After taking forever to arrive at the airport, Jellyroll finally shows up and picks the rapper up at the airport. He finds out that Jeezy wants some weed badly, so he decides to take them to the hood to get some. He meets up with his drug dealer Mondo who scolds him for getting weed for the rapper and asks if Jeezy can come to his after party. Jellyroll insists that the rapper wants $20,000 to show up and Mondo accepts and gives him the money. This is where things start to turn for the promoters as Jellyroll spends the $20,000 on clothes and jewelry instead of using it for the show to pay Jeezy his money.

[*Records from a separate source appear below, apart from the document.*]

(* The integration by parts of the second variation, performed pointwise. *)
Lemma is_derive_boundary_term al L0 (f f1 p p1 ps ps1 q h : R -> R) s f2 p2 ps2 q1 :
  is_derive f s (f1 s) -> is_derive f1 s f2 -> is_derive p s (p1 s) -> is_derive p1 s p2 ->
  is_derive ps s (ps1 s) -> is_derive ps1 s ps2 -> is_derive q s q1 ->
  is_derive h s (al * (s - L0) * h s ^ 3) -> h s <> 0 ->
  is_derive (boundary_term al L0 f f1 p p1 ps ps1 q h) s
    (second_variation_density al L0 s (h s) (f s) (f1 s) f2 (p s) (p1 s) p2
       (ps s) (ps1 s) ps2 (q s) q1
     - reduced_density al (h s) (f s) (f1 s) f2 (p s) (p1 s) (ps s)).
Proof.
intros Hf Hf1 Hp Hp1 Hps Hps1 Hq Hh Hh0. unfold boundary_term.
auto_derive.
- repeat split; try (eexists; eassumption); auto.
- rewrite_Derive Hf. rewrite_Derive Hf1. rewrite_Derive Hp. rewrite_Derive Hp1.
  rewrite_Derive Hps. rewrite_Derive Hps1. rewrite_Derive Hq. rewrite_Derive Hh.
  unfold second_variation_density, reduced_density, sq_div_d2. cbv zeta. field. auto.
Qed.

Lemma frame_derive_on_segment a b (th h A B A1 B1 vx vy vx1 vy1 : R -> R) : a < b ->
  (forall u, a <= u <= b ->
     is_derive th u (h u) /\ is_derive A u (A1 u) /\ is_derive B u (B1 u)) ->
  (forall u, a <= u <= b -> is_derive vx u (vx1 u) /\ is_derive vy u (vy1 u)) ->
  (forall u, a <= u <= b ->
     vx u = frame_x (A u) (B u) (th u) /\ vy u = frame_y (A u) (B u) (th u)) ->
  forall u, a <= u <= b ->
    vx1 u = frame_x (A1 u - h u * B u) (h u * A u + B1 u) (th u) /\
    vy1 u = frame_y (A1 u - h u * B u) (h u * A u + B1 u) (th u).
Proof.
intros Hab Hd Hv Hframe u Hu. destruct (Hd u Hu) as [Ht [HA HB]]. destruct (Hv u Hu) as [Hx Hy].
split.
- apply (derive_eq_on_segment vx (fun w => frame_x (A w) (B w) (th w)) a b u); auto.
  + apply is_derive_frame_x; auto.
  + intros; apply Hframe; auto.
- apply (derive_eq_on_segment vy (fun w => frame_y (A w) (B w) (th w)) a b u); auto.
  + apply is_derive_frame_y; auto.
  + intros; apply Hframe; auto.
Qed.

(** * Second variation along an admissible variation *)

Section Variation.
Variables x0 L : R.
Hypothesis Hx0 : 0 < x0.
Hypothesis HL : 3 * x0 < L.
Variables (Vx Vy : R -> R -> R) (c0 d0 e : R).
Hypothesis Hc0 : c0 <= 0.
Hypothesis Hd0 : 0 < d0.
Hypothesis He : 0 < e.
Let U0 := fun s t => 0 - e < s < 2 * L + e /\ c0 - e < t < d0 + e.
Hypothesis HVx : smooth2 U0 Vx.
Hypothesis HVy : smooth2 U0 Vy.
Hypothesis Hinit : forall s, 0 <= s <= 2 * L -> Vx s 0 = gam_x x0 L s /\ Vy s 0 = gam_y x0 L s.
Hypothesis Hadm : forall t, c0 <= t <= d0 -> admissible x0 L (fun s => Vx s t) (fun s => Vy s t).

Lemma U0_open : open2 U0.
Proof. apply open2_rectangle. Qed.

Lemma U0_segment s t : 0 <= s <= 2 * L -> c0 <= t <= d0 -> U0 s t.
Proof. unfold U0; lra. Qed.

Definition speed2 s t := dot2 (d_s Vx s t) (d_s Vy s t) (d_s Vx s t) (d_s Vy s t).
Definition turning s t := cross2 (d_s Vx s t) (d_s Vy s t) (d_s (d_s Vx) s t) (d_s (d_s Vy) s t).
Definition integrand s t :=
  sq_dot_div_cross (d_s Vx s t) (d_s Vy s t) (d_s (d_s Vx) s t) (d_s (d_s Vy) s t).

Lemma smooth2_speed2_turning U : open2 U -> (forall s t, U s t -> U0 s t) ->
  smooth2 U speed2 /\ smooth2 U turning.
Proof.
intros HU Hsub.
assert (SX1 : smooth2 U (d_s Vx)) by (apply (smooth2_sub U0); auto; apply smooth2_ds; auto).
assert (SY1 : smooth2 U (d_s Vy)) by (apply (smooth2_sub U0); auto; apply smooth2_ds; auto).
assert (SX2 : smooth2 U (d_s (d_s Vx))) by (apply smooth2_ds; auto).
assert (SY2 : smooth2 U (d_s (d_s Vy))) by (apply smooth2_ds; auto).
split.
- apply smooth2_plus; auto; apply smooth2_mult; auto.
- apply (smooth2_ext U HU (fun s t => d_s Vx s t * d_s (d_s Vy) s t
    + (-1) * (d_s Vy s t * d_s (d_s Vx) s t))); auto.
  + intros; unfold turning, cross2; ring.
  + repeat first [apply smooth2_plus | apply smooth2_mult | apply smooth2_const]; auto.
Qed.

Lemma speed_slice s t : speed (fun u => Vx u t) (fun u => Vy u t) s = sqrt (speed2 s t).
Proof. unfold speed, speed2, dot2, d_s. f_equal. ring. Qed.

Lemma curv_slice s t :
  curv (fun u => Vx u t) (fun u => Vy u t) s = turning s t / sqrt (speed2 s t) ^ 3.
Proof.
unfold curv. rewrite speed_slice. f_equal.
change (Derive (fun u => Vx u t) s) with (d_s Vx s t).
change (Derive (fun u => Vy u t) s) with (d_s Vy s t).
change (Derive (Derive (fun u => Vx u t)) s) with (d_s (d_s Vx) s t).
change (Derive (Derive (fun u => Vy u t)) s) with (d_s (d_s Vy) s t).
unfold turning, cross2. ring.
Qed.

Lemma speed2_turning_pos s t : 0 <= s <= 2 * L -> c0 <= t <= d0 ->
  0 < speed2 s t /\ 0 < turning s t.
Proof.
intros Hs Ht. destruct (Hadm t Ht) as [_ [_ [Hu [Hcv _]]]].
specialize (Hu s Hs). specialize (Hcv s Hs). rewrite curv_slice in Hcv.
assert (Hu' : 0 < speed2 s t) by (unfold speed2, dot2, d_s; simpl in Hu; lra).
split; [exact Hu'|].
assert (Hsp := sqrt_lt_R0 _ Hu'). assert (Hsp3 := pow_lt _ 3 Hsp).
assert (E : turning s t = turning s t / sqrt (speed2 s t) ^ 3 * sqrt (speed2 s t) ^ 3)
  by (field; lra).
rewrite E. apply Rmult_lt_0_compat; auto.
Qed.

Lemma speed_div_curv_eq_integrand s t : 0 <= s <= 2 * L -> c0 <= t <= d0 ->
  speed (fun u => Vx u t) (fun u => Vy u t) s / curv (fun u => Vx u t) (fun u => Vy u t) s
  = integrand s t.
Proof.
intros Hs Ht. destruct (speed2_turning_pos s t Hs Ht) as [Hu Hc].
rewrite speed_slice, curv_slice.
assert (Hsq := sqrt_sqrt _ (Rlt_le _ _ Hu)). assert (Hsp := sqrt_lt_R0 _ Hu).
replace (integrand s t) with ((sqrt (speed2 s t) * sqrt (speed2 s t)) ^ 2 / turning s t)
  by (rewrite Hsq; reflexivity).
field. split; lra.
Qed.

Lemma Fvar_eq_RInt_integrand t : c0 <= t <= d0 ->
  Fvar L Vx Vy t = RInt (fun s => integrand s t) 0 (2 * L).
Proof.
intro Ht. apply RInt_ext. intros s Hs.
rewrite Rmin_left, Rmax_right in Hs by lra.
apply speed_div_curv_eq_integrand; auto; lra.
Qed.

Definition tube t0 d := fun s t => 0 - d < s < 2 * L + d /\ t0 - d < t < t0 + d.

(* By compactness of [0, 2L], the turning [V_s x V_ss] stays positive on a tube around each
   time slice, so the integrand has no singularity there. *)
Lemma integrand_smooth_near t0 : c0 <= t0 <= d0 ->
  exists d, 0 < d /\ (forall s t, tube t0 d s t -> U0 s t /\ 0 < turning s t) /\
    smooth2 (tube t0 d) integrand.
Proof.
intro Ht0. assert (Hseg : forall s, 0 <= s <= 2 * L -> U0 s t0) by (intros; apply U0_segment; auto).
destruct (smooth2_speed2_turning U0 U0_open (fun _ _ H => H)) as [_ Sc].
destruct (positive_near_segment turning 0 (2 * L) t0) as [d1 [Hd1 H1]].
{ lra. }
{ intros s Hs. apply (smooth2_continuity U0); auto. }
{ intros s Hs. apply (speed2_turning_pos s t0 Hs Ht0). }
set (d := Rmin e d1).
assert (d <= e) by apply Rmin_l. assert (d <= d1) by apply Rmin_r.
assert (Hsub : forall s t, tube t0 d s t -> U0 s t) by (unfold tube, U0; intros; lra).
assert (Hturn : forall s t, tube t0 d s t -> 0 < turning s t)
  by (intros s t [Hs Ht]; apply H1; [lra|apply Rabs_def1; lra]).
assert (Hopen : open2 (tube t0 d)) by apply open2_rectangle.
exists d. split; [apply Rmin_glb_lt; auto|]. split; [auto|].
destruct (smooth2_speed2_turning (tube t0 d) Hopen Hsub) as [Su' Sc'].
apply (smooth2_ext _ Hopen (fun s t => (speed2 s t * speed2 s t) * / turning s t)).
- intros s t _. unfold integrand, sq_dot_div_cross, speed2, turning. unfold Rdiv. ring.
- apply smooth2_mult; auto. apply smooth2_mult; auto.
  apply smooth2_inv; auto. intros s t Hst. specialize (Hturn s t Hst). lra.
Qed.

Lemma is_derive_RInt_integrand t0 : c0 <= t0 <= d0 ->
  is_derive (fun t => RInt (fun s => integrand s t) 0 (2 * L)) t0
    (RInt (fun s => d_t integrand s t0) 0 (2 * L)).
Proof.
intro Ht0. destruct (integrand_smooth_near t0 Ht0) as [d [Hd [_ Hsm]]].
apply (is_derive_RInt_smooth2 (tube t0 d) _ _ _ _ d); auto; [lra|apply open2_rectangle|].
intros s t Hs Ht. apply Rabs_def2 in Ht. unfold tube; lra.
Qed.

Lemma is_derive2_RInt_integrand :
  is_derive (fun t => RInt (fun s => d_t integrand s t) 0 (2 * L)) 0
    (RInt (fun s => d_t (d_t integrand) s 0) 0 (2 * L)).
Proof.
destruct (integrand_smooth_near 0 ltac:(lra)) as [d [Hd [_ Hsm]]].
apply (is_derive_RInt_smooth2 (tube 0 d) _ _ _ _ d); auto using smooth2_dt;
  [lra|apply open2_rectangle|].
intros s t Hs Ht. apply Rabs_def2 in Ht. unfold tube; lra.
Qed.

Let TH := tangent_angle x0 L.
Let HH := curvature x0 L.
Let AL := curvature_rate x0 L.

Lemma curve_derivatives_on_segment u : 0 <= u <= 2 * L ->
  is_derive TH u (HH u) /\ is_derive HH u (AL * (u - L) * HH u ^ 3).
Proof.
intro Hu. assert (Hd := gamma_domain_segment x0 L Hx0 HL u Hu).
split; [apply is_derive_tangent_angle|apply is_derive_curvature]; auto.
Qed.

Lemma is_derive_d_s (W : R -> R -> R) u t : smooth2 U0 W -> 0 <= u <= 2 * L -> c0 <= t <= d0 ->
  is_derive (fun s => W s t) u (d_s W u t).
Proof. intros HW Hu Ht. apply Derive_correct, (smooth2_ex_derive_s U0); auto using U0_segment. Qed.

Lemma is_derive_d_t (W : R -> R -> R) u t : smooth2 U0 W -> 0 <= u <= 2 * L -> c0 <= t <= d0 ->
  is_derive (fun t => W u t) t (d_t W u t).
Proof. intros HW Hu Ht. apply Derive_correct, (smooth2_ex_derive_t U0); auto using U0_segment. Qed.

Lemma gamma_frame u : 0 <= u <= 2 * L ->
  d_s Vx u 0 = frame_x 0 1 (TH u) /\ d_s Vy u 0 = frame_y 0 1 (TH u) /\
  d_s (d_s Vx) u 0 = frame_x (- HH u) 0 (TH u) /\ d_s (d_s Vy) u 0 = frame_y (- HH u) 0 (TH u).
Proof.
assert (H1 : forall u, 0 <= u <= 2 * L ->
  d_s Vx u 0 = frame_x 0 1 (TH u) /\ d_s Vy u 0 = frame_y 0 1 (TH u)).
{ intros w Hw. assert (Hd := gamma_domain_segment x0 L Hx0 HL w Hw).
  unfold frame_x, frame_y. split.
  - transitivity (cos (TH w)); [|ring].
    apply (derive_eq_on_segment (fun s => Vx s 0) (gam_x x0 L) 0 (2 * L) w); [lra|auto| | |].
    + apply is_derive_d_s; auto; lra.
    + apply is_derive_gam_x; auto.
    + intros; apply Hinit; auto.
  - transitivity (sin (TH w)); [|ring].
    apply (derive_eq_on_segment (fun s => Vy s 0) (gam_y x0 L) 0 (2 * L) w); [lra|auto| | |].
    + apply is_derive_d_s; auto; lra.
    + apply is_derive_gam_y; auto.
    + intros; apply Hinit; auto. }
intro Hu. destruct (H1 u Hu) as [Ea Eb]. split; [exact Ea|]. split; [exact Eb|].
destruct (frame_derive_on_segment 0 (2 * L) TH HH (fun _ => 0) (fun _ => 1) (fun _ => 0) (fun _ => 0)
  (fun s => d_s Vx s 0) (fun s => d_s Vy s 0)
  (fun s => d_s (d_s Vx) s 0) (fun s => d_s (d_s Vy) s 0)) with u as [Ec Ed]; auto.
- lra.
- intros w Hw. split; [apply curve_derivatives_on_segment; auto|].
  split; [exact (is_derive_const 0 w)|exact (is_derive_const 1 w)].
- intros w Hw. split; apply is_derive_d_s; auto using smooth2_ds; lra.
- rewrite Ec, Ed. replace (0 - HH u * 1) with (- HH u) by ring.
  replace (HH u * 0 + 0) with 0 by ring. auto.
Qed.

Definition coefN1 (A B : R -> R) u := Derive A u - HH u * B u.
Definition coefT1 (A B : R -> R) u := HH u * A u + Derive B u.
Definition coefN2 (A B : R -> R) u :=
  Derive (Derive A) u - (AL * (u - L) * HH u ^ 3 * B u + HH u * Derive B u) - HH u * coefT1 A B u.
Definition coefT2 (A B : R -> R) u :=
  HH u * coefN1 A B u + (AL * (u - L) * HH u ^ 3 * A u + HH u * Derive A u + Derive (Derive B) u).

From there, the movie turns wild and intense as Russell and Jellyroll try to figure out a way to get Jeezy to perform while dodging Mondo and his crew and getting the money to pay Jeezy to perform.

Cast
 Ice Cube as Russell Redds
 Mike Epps as Jellyroll
 Young Jeezy as himself
 Lahmard Tate as Young Percy
 Darris Love as Mondo
 Lil' JJ as Seymour "Yung Semore" Redds
 Julio Oscar Mechoso as John Glanville
 Glenn Plummer as Officer Ronnie Stixx
 Juanita Jennings as Momma
 Aloma Wright as Ms. Ann
 Jowharah Jones as Loli
 Joey Greco as Kevin MaLine
 Tamala Jones as Regina Stixx
 Leland White as KK
 Malik Barnhardt as C W
 Tiffany Haddish as Michelle
 Kerisse Hutchinson as Lisa
 Reghan Alexander as Valerie

Release
After being delayed several times, the film released to a limited release on October 16, 2009. The film's DVD was released on November 24, 2009, and also made available for purchase on iTunes in HD and Standard Definition on February 10, 2010.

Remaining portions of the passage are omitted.